# Task to carry out:
From the listing below, return every line with the string "eqxx" in it.

# Given entries:

(* An F_q-equivalence of the projection from [i] with a linear code, read on the
   positions [t != i] of [C]: the coordinate maps [Th t] turn the scalar multiplication
   of the linear code into an action of [L] on the codewords vanishing at [i]. *)
Definition proj_linearizer i (Th : 'I_n -> L -> L) : Prop :=
  (forall t, t != i -> Fq_linear q (Th t) /\ bijective (Th t)) /\
  (forall w lam, w \in C -> w ord0 i = 0 -> exists2 w', w' \in C &
     w' ord0 i = 0 /\ forall t, t != i -> Th t (w' ord0 t) = lam * Th t (w ord0 t)).

Lemma proj_linearizer_of_equiv i :
  equiv_to_linear q (proj C i) -> exists Th, proj_linearizer i Th.
Proof.
case=> D [[D0 DD DZ] [s [phi [phiP DE]]]].
pose J t := [pick j | skip i j == t].
have JP t : t != i -> exists2 j, J t = Some j & skip i j = t.
  move=> ti; rewrite /J; case: pickP => [j /eqP | none]; first by exists j.
  by have [j sj] := skip_onto ti; have := none j; rewrite sj eqxx.
exists (fun t => if J t is Some j then phi (s^-1 j)%g else id); split.
  by move=> t /JP [j -> _]; apply: phiP.
move=> w lam wC wi.
pose r := \row_(j < n.-1) w ord0 (skip i j).
have rP : r \in proj C i by apply/imsetP; exists w; rewrite // inE wC wi eqxx.
pose d := \row_j phi j (r ord0 (s j)).
have dD : d \in D by rewrite DE; apply/imsetP; exists r.
have := DZ lam d dD; rewrite {1}DE => /imsetP [r' /imsetP [w' w'P ->] ed].
move: w'P; rewrite inE => /andP [w'C /eqP w'i].
exists w' => //; split => // t /JP [j -> sj].
have := congr1 (fun M : 'rV[L]_(n.-1) => M ord0 (s^-1 j)%g) ed.
by rewrite /d /r !mxE permKV sj.
Qed.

# Answer section:
  by have [j sj] := skip_onto ti; have := none j; rewrite sj eqxx.
have rP : r \in proj C i by apply/imsetP; exists w; rewrite // inE wC wi eqxx.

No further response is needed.